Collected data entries
• • • •
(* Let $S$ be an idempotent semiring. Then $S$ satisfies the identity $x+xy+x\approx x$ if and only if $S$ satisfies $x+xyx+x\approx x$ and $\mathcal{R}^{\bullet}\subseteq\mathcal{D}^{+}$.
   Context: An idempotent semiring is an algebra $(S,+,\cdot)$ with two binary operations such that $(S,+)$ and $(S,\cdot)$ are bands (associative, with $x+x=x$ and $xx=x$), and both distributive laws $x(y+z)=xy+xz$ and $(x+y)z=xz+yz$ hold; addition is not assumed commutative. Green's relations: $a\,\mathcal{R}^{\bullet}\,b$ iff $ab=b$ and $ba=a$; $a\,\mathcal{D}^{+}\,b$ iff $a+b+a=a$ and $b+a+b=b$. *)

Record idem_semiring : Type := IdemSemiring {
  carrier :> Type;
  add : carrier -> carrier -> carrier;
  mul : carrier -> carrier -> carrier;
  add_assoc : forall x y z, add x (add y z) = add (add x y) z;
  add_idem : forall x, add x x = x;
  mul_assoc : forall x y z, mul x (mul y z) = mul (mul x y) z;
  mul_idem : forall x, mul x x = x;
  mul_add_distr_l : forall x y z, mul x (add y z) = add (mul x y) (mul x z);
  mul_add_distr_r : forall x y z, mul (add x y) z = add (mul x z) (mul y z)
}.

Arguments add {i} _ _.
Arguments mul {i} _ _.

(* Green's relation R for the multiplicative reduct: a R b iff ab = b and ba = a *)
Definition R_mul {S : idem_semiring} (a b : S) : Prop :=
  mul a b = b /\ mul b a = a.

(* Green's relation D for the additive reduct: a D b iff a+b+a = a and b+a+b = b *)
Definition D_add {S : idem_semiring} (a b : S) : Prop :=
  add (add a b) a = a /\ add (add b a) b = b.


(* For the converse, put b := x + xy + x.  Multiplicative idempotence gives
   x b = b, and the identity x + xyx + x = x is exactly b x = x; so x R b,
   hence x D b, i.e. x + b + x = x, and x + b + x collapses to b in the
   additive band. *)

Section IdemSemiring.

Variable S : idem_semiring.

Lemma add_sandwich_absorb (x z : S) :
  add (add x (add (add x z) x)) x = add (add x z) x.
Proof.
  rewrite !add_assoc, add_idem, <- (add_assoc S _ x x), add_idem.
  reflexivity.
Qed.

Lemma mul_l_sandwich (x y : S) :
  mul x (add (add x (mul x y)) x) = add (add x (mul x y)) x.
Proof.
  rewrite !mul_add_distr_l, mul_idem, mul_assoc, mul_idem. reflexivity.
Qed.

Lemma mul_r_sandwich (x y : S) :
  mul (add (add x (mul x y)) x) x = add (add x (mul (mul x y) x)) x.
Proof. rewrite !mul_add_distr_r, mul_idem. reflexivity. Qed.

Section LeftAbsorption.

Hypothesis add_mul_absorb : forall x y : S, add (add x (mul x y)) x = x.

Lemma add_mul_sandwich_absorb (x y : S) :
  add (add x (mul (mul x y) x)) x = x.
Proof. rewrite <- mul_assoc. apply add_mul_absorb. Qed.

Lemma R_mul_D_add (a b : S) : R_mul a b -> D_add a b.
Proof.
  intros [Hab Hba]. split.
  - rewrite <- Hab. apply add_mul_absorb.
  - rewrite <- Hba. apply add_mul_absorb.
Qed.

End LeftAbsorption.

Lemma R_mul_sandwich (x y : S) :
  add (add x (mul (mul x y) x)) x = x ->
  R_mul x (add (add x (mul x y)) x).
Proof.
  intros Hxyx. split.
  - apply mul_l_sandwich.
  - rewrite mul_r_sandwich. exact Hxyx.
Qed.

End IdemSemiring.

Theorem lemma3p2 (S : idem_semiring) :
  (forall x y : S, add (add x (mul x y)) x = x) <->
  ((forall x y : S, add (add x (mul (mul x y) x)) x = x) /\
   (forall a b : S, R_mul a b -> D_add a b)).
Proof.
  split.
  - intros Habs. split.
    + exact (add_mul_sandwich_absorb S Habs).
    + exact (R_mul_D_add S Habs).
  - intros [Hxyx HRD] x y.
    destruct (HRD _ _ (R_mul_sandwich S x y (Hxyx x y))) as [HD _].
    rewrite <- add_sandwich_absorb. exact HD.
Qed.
• • • •
Exercise directions | In this exercise, repeat the entries above verbatim.

Output for this exercise |
(* Let $S$ be an idempotent semiring. Then $S$ satisfies the identity $x+xy+x\approx x$ if and only if $S$ satisfies $x+xyx+x\approx x$ and $\mathcal{R}^{\bullet}\subseteq\mathcal{D}^{+}$.
   Context: An idempotent semiring is an algebra $(S,+,\cdot)$ with two binary operations such that $(S,+)$ and $(S,\cdot)$ are bands (associative, with $x+x=x$ and $xx=x$), and both distributive laws $x(y+z)=xy+xz$ and $(x+y)z=xz+yz$ hold; addition is not assumed commutative. Green's relations: $a\,\mathcal{R}^{\bullet}\,b$ iff $ab=b$ and $ba=a$; $a\,\mathcal{D}^{+}\,b$ iff $a+b+a=a$ and $b+a+b=b$. *)

Record idem_semiring : Type := IdemSemiring {
  carrier :> Type;
  add : carrier -> carrier -> carrier;
  mul : carrier -> carrier -> carrier;
  add_assoc : forall x y z, add x (add y z) = add (add x y) z;
  add_idem : forall x, add x x = x;
  mul_assoc : forall x y z, mul x (mul y z) = mul (mul x y) z;
  mul_idem : forall x, mul x x = x;
  mul_add_distr_l : forall x y z, mul x (add y z) = add (mul x y) (mul x z);
  mul_add_distr_r : forall x y z, mul (add x y) z = add (mul x z) (mul y z)
}.

Arguments add {i} _ _.
Arguments mul {i} _ _.

(* Green's relation R for the multiplicative reduct: a R b iff ab = b and ba = a *)
Definition R_mul {S : idem_semiring} (a b : S) : Prop :=
  mul a b = b /\ mul b a = a.

(* Green's relation D for the additive reduct: a D b iff a+b+a = a and b+a+b = b *)
Definition D_add {S : idem_semiring} (a b : S) : Prop :=
  add (add a b) a = a /\ add (add b a) b = b.


(* For the converse, put b := x + xy + x.  Multiplicative idempotence gives
   x b = b, and the identity x + xyx + x = x is exactly b x = x; so x R b,
   hence x D b, i.e. x + b + x = x, and x + b + x collapses to b in the
   additive band. *)

Section IdemSemiring.

Variable S : idem_semiring.

Lemma add_sandwich_absorb (x z : S) :
  add (add x (add (add x z) x)) x = add (add x z) x.
Proof.
  rewrite !add_assoc, add_idem, <- (add_assoc S _ x x), add_idem.
  reflexivity.
Qed.

Lemma mul_l_sandwich (x y : S) :
  mul x (add (add x (mul x y)) x) = add (add x (mul x y)) x.
Proof.
  rewrite !mul_add_distr_l, mul_idem, mul_assoc, mul_idem. reflexivity.
Qed.

Lemma mul_r_sandwich (x y : S) :
  mul (add (add x (mul x y)) x) x = add (add x (mul (mul x y) x)) x.
Proof. rewrite !mul_add_distr_r, mul_idem. reflexivity. Qed.

Section LeftAbsorption.

Hypothesis add_mul_absorb : forall x y : S, add (add x (mul x y)) x = x.

Lemma add_mul_sandwich_absorb (x y : S) :
  add (add x (mul (mul x y) x)) x = x.
Proof. rewrite <- mul_assoc. apply add_mul_absorb. Qed.

Lemma R_mul_D_add (a b : S) : R_mul a b -> D_add a b.
Proof.
  intros [Hab Hba]. split.
  - rewrite <- Hab. apply add_mul_absorb.
  - rewrite <- Hba. apply add_mul_absorb.
Qed.

End LeftAbsorption.

Lemma R_mul_sandwich (x y : S) :
  add (add x (mul (mul x y) x)) x = x ->
  R_mul x (add (add x (mul x y)) x).
Proof.
  intros Hxyx. split.
  - apply mul_l_sandwich.
  - rewrite mul_r_sandwich. exact Hxyx.
Qed.

End IdemSemiring.

Theorem lemma3p2 (S : idem_semiring) :
  (forall x y : S, add (add x (mul x y)) x = x) <->
  ((forall x y : S, add (add x (mul (mul x y) x)) x = x) /\
   (forall a b : S, R_mul a b -> D_add a b)).
Proof.
  split.
  - intros Habs. split.
    + exact (add_mul_sandwich_absorb S Habs).
    + exact (R_mul_D_add S Habs).
  - intros [Hxyx HRD] x y.
    destruct (HRD _ _ (R_mul_sandwich S x y (Hxyx x y))) as [HD _].
    rewrite <- add_sandwich_absorb. exact HD.
Qed.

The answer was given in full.